JuliaData / Feather.jl

Read and write feather files in pure Julia
https://juliadata.github.io/Feather.jl/stable
Other
109 stars 27 forks source link

Added Compatability with copycols keyword in DataFrames #119

Closed jacobadenbaum closed 5 years ago

jacobadenbaum commented 5 years ago

Adjusts for breaking change in DataFrames package that causes Feather files to be materialized on every read.

In this PR, Feather.read chooses the value for copycols as !use_mmap.

ExpandingMan commented 5 years ago

Thanks a lot!

Looks like the test fails on the round trip.
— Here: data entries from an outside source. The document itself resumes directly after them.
Lemma dotv_sumr (u : 'cV[R]_n) (c : 'I_n -> R) (w : 'I_n -> 'cV[R]_n) :
  dotv u (\sum_r c r *: w r) = \sum_r c r * dotv u (w r).
Proof.
rewrite /dotv; under eq_bigr do rewrite summxE big_distrr /=.
rewrite exchange_big /=; apply: eq_bigr => r _.
by rewrite big_distrr /=; apply: eq_bigr => k _; rewrite mxE mulrCA.
Qed.

Hypothesis v_on : orthonormal_family v.

Lemma dotv_orthonormal (c : 'I_n -> R) s : dotv (v s) (\sum_r c r *: v r) = c s.
Proof.
rewrite dotv_sumr (bigD1 s) //= v_on eqxx mulr1 big1 ?addr0 // => r rs.
by rewrite v_on eq_sym (negbTE rs) mulr0.
Qed.

Lemma norm2_orthonormal_ge (c : 'I_n -> R) s : `|c s| <= norm2 (\sum_r c r *: v r).
Proof.
have sqr_sum : dotv (\sum_r c r *: v r) (\sum_r c r *: v r) = \sum_r c r ^+ 2.
  by rewrite dotv_sumr; apply: eq_bigr => r _; rewrite dotvC dotv_orthonormal.
rewrite /norm2 sqr_sum -sqrtr_sqr ler_sqrt ?sumr_ge0 // => [|r _]; last exact: sqr_ge0.
by rewrite (bigD1 s) //= lerDl sumr_ge0 // => r _; exact: sqr_ge0.
Qed.

(* For the square matrix V := [v_1 ... v_n], V^T V = 1 forces V V^T = 1. *)
Lemma orthonormal_expand (x : 'cV[R]_n) : x = \sum_r dotv (v r) x *: v r.
Proof.
set V : 'M[R]_n := \matrix_(i, j) v j i 0.
have VtV : V^T *m V = 1%:M.
  by apply/matrixP => r s; rewrite !mxE -v_on; apply: eq_bigr => k _; rewrite !mxE.
rewrite -[LHS]mul1mx -(mulmx1C VtV); apply/matrixP => i j; rewrite (ord1 j) summxE !mxE.
under eq_bigr do rewrite mxE big_distrl /=.
rewrite exchange_big /=; apply: eq_bigr => r _.
rewrite [RHS]mxE /dotv big_distrl /=; apply: eq_bigr => k _; rewrite !mxE; ring.
Qed.

End Orthonormal.

Section DiagonalField.
Context {R : realType} {n : nat}.

Lemma sum_tuple_prod q (f : 'I_n -> R) :
  \sum_(j : q.-tuple 'I_n) \prod_(m < q) f (tnth j m) = (\sum_i f i) ^+ q.
Proof.
rewrite -[q in RHS]card_ord -prodr_const bigA_distr_bigA /=.
rewrite (reindex (fun j : q.-tuple 'I_n => [ffun m => tnth j m])) /=.
  by apply: eq_bigr => j _; apply: eq_bigr => m _; rewrite ffunE.
exists (fun g : {ffun 'I_q -> 'I_n} => [tuple g m | m < q]) => [j _|g _].
  by apply: eq_from_tnth => m; rewrite tnth_mktuple ffunE.
by apply/ffunP => m; rewrite ffunE tnth_mktuple.
Qed.

Lemma tapply_Atens p (lam : 'I_n -> R) (v : 'I_n -> 'cV[R]_n) (x : 'cV[R]_n) i :
  tapply (@Atens R n p.+2 lam v) x i 0 = \sum_r lam r * dotv (v r) x ^+ p.+1 * v r i 0.
Proof.
rewrite /tapply mxE /Atens; under eq_bigr do rewrite big_distrl /=.
rewrite exchange_big /=; apply: eq_bigr => r _.
rewrite /dotv -sum_tuple_prod big_distrr big_distrl /=; apply: eq_bigr => j _.
rewrite /tpow big_ord_recl tnth0 /=.
under eq_bigr do rewrite tnthS.
rewrite [in RHS]big_split /=; ring.
Qed.

Lemma Kmat_mulmx (kappa : 'I_n -> R) (v : 'I_n -> 'cV[R]_n) (x : 'cV[R]_n) i :
  (Kmat kappa v *m x) i 0 = \sum_r kappa r * dotv (v r) x * v r i 0.
Proof.
rewrite /Kmat mxE; under eq_bigr do rewrite summxE big_distrl /=.
rewrite exchange_big /=; apply: eq_bigr => r _.
rewrite /dotv big_distrr big_distrl /=; apply: eq_bigr => k _.
rewrite !mxE big_ord1 !mxE; ring.
Qed.

Lemma vfield_diagonal p (kappa lam : 'I_n -> R) (v : 'I_n -> 'cV[R]_n) (x : 'cV[R]_n) :
  @vfield R n p (Kmat kappa v) (@Atens R n p.+2 lam v) x =
  \sum_r (kappa r * dotv (v r) x + lam r * dotv (v r) x ^+ p.+1) *: v r.
Proof.
apply/matrixP => i j; rewrite (ord1 j) /vfield mxE Kmat_mulmx tapply_Atens summxE.
by rewrite -big_split /=; apply: eq_bigr => r _; rewrite mxE mulrDl.
Qed.

Lemma is_derive_scalel (f : R -> R) (w : 'cV[R]_n) (t df : R) :
  is_derive t 1 f df -> is_derive t 1 (fun s => f s *: w) (df *: w).
Proof.
move=> [f_der <-]; have f_diff : differentiable f t by apply/derivable1_diffP.
apply: DeriveDef; first by apply: diff_derivable; exact: differentiableZl.
by rewrite deriveE ?diffZl -?deriveE //; exact: differentiableZl.
Qed.

Lemma is_derive_sum_scalel (c : 'I_n -> R -> R) (dc : 'I_n -> R) (w : 'I_n -> 'cV[R]_n) (t : R) :
  (forall r, is_derive t 1 (c r) (dc r)) ->
  is_derive t 1 (fun s => \sum_r c r s *: w r) (\sum_r dc r *: w r).
Proof.
move=> c_der; have := is_derive_sum (fun r => is_derive_scalel _ (w r) _ _ (c_der r)).
by rewrite fct_sumE.
Qed.

End DiagonalField.

Section ModalSolution.
Context {R : realType} {n p : nat} {v : 'I_n -> 'cV[R]_n}.
Context {lam kappa : 'I_n -> R} {x0 : 'cV[R]_n}.
Hypotheses (p_gt0 : (0 < p)%N) (v_on : orthonormal_family v).
Hypothesis kappa_lt0 : forall r, kappa r < 0.
Implicit Types t T : R.

Local Notation y0 r := (dotv (v r) x0).
Local Notation esc r := (escape_cond p (lam r) (kappa r) (y0 r)).
Local Notation Tr r := (Tesc_mode p (lam r) (kappa r) (y0 r)).
Local Notation F := (@vfield R n p (Kmat kappa v) (@Atens R n p.+2 lam v)).

Definition mode_growth r := lam r * y0 r ^+ p / - kappa r.
Definition mode_sol r := bernoulli_sol p (- kappa r) (mode_growth r) (y0 r).
Definition modal_sol t := \sum_r mode_sol r t *: v r.

Let Nkappa_gt0 r : 0 < - kappa r. Proof. by rewrite oppr_gt0. Qed.

Lemma mode_growthE r : lam r * y0 r ^+ p = - kappa r * mode_growth r.
Proof. by rewrite /mode_growth [RHS]mulrC divfK // gt_eqF. Qed.

Lemma escape_cond_growth r : esc r <-> 1 < mode_growth r.
Proof. by rewrite escape_condE // /mode_growth ltr_pdivlMr // mul1r. Qed.

Lemma Tesc_mode_growth r : esc r -> Tr r = blowup_time p (- kappa r) (mode_growth r).
Proof. by move/escape_condE => /(_ p_gt0 (kappa_lt0 r)) /Tesc_modeE ->. Qed.

Lemma Tesc_mode_gt0 r : esc r -> 0 < Tr r.
Proof.
move=> er; rewrite Tesc_mode_growth //; apply: blowup_time_gt0 => //.
exact/escape_cond_growth.
Qed.

Lemma exists_first_escape r0 : esc r0 -> exists2 r, esc r & forall s, esc s -> Tr r <= Tr s.
Proof.
move=> er0; case: (@arg_minP _ _ _ r0 (fun r => `[< esc r >]) (fun r => Tr r)); first exact/asboolP.
by move=> r /asboolP er r_min; exists r => // s es; apply: r_min; exact/asboolP.
Qed.

Lemma dotv_modal_sol r t : dotv (v r) (modal_sol t) = mode_sol r t.
Proof. exact: dotv_orthonormal. Qed.

Lemma modal_sol0 : modal_sol 0 = x0.
Proof.
rewrite [RHS](orthonormal_expand v_on); apply: eq_bigr => r _.
by rewrite /mode_sol bernoulli_sol0.
Qed.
Honestly, the docker in the tests is causing huge problems right now. When it fails we can't generally see what happened, only one person can update the docker image itself and, most importantly for me, it has #113 in limbo without which, to be honest, this package is basically unusable for me right now.
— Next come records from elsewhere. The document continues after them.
Lemma dotp_xi_sabban s : dotp (xi s) (S s) = 0.
Proof. by rewrite dotpZr dotp_crossl mulr0. Qed.

Lemma sabban_parseval s z l : a < s < b ->
  dotp z l = dotp (xi s) z * dotp (xi s) l
    + dotp (xi' s) z * dotp (xi' s) l / speed s ^+ 2 + dotp (S s) z * dotp (S s) l.
Proof.
move=> Is; have E := congr1 (fun w => dotp w l) (gram_decomp (xi s) (xi' s) z).
rewrite /= -sqr_speed dotp_cross_xi' // xi_unit // dotp_xi_xi' // in E.
rewrite !(dotpDl, dotpZl) !dotp_cross_sabban // in E.
have N_neq0 := speed_neq0 Is.
by rewrite -[dotp z l](mulKf (expf_neq0 2 N_neq0)) E; field.
Qed.

Lemma dotp_cross_xi'' s l : a < s < b ->
  speed s ^+ 2 * dotp (cross (xi s) (xi'' s)) l =
  dotp (xi' s) (xi'' s) * dotp (cross (xi s) (xi' s)) l - det s * dotp (xi' s) l.
Proof.
move=> Is; have E := congr1 (fun w => dotp w l) (cross_gram (xi s) (xi' s) (xi'' s)).
rewrite /= dotp_cross_xi' // xi_unit // dotp_xi_xi' // !(dotpDl, dotpNl, dotpZl) in E.
by rewrite E; ring.
Qed.

Lemma is_derive_speed s : a < s < b ->
  is_derive s 1 (fun t => speed t) (dotp (xi' s) (xi'' s) / speed s).
Proof.
move=> Is; have xi'2 := is_derive_dotp (is_derive_xi' Is) (is_derive_xi' Is).
apply: is_derive_eq (is_derive1_comp (is_derive1_sqrt (xi'_gt0 Is)) xi'2) _.
rewrite (dotpC (xi'' s)).
by field; exact: speed_neq0.
Qed.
@quinnj , is there anything else we can do to test the round trip without resorting to this docker image? Something with PyCall maybe?

quinnj commented 5 years ago

Just comment out the docker tests for now? They're really just in there as a fancy way to do integration tests w/ python, but I don't think they're necessarily covering anything we don't already cover in tests.

ExpandingMan commented 5 years ago

I'll admit it makes me pretty damn nervous to just go ahead when the round-trip test is failing for whatever reason, but it sure is making life pretty miserable for this package right now.

Let me go back in #113, remove the docker test and implement some optional tests that just run python from bash in the same environment the package is in. We won't be able to run it in Travis, which is scary, but at least anyone can run the optional tests locally with ease. We are stuck doing stuff like that on all the optimization wrapper packages because the optimization binaries are proprietary and we can't run them in travis anyway.

That way I can go back to using this package again.

ExpandingMan commented 5 years ago

This change was incorporated in #113 which has now been merged. We will be tagging soon. Thank you everyone for your help.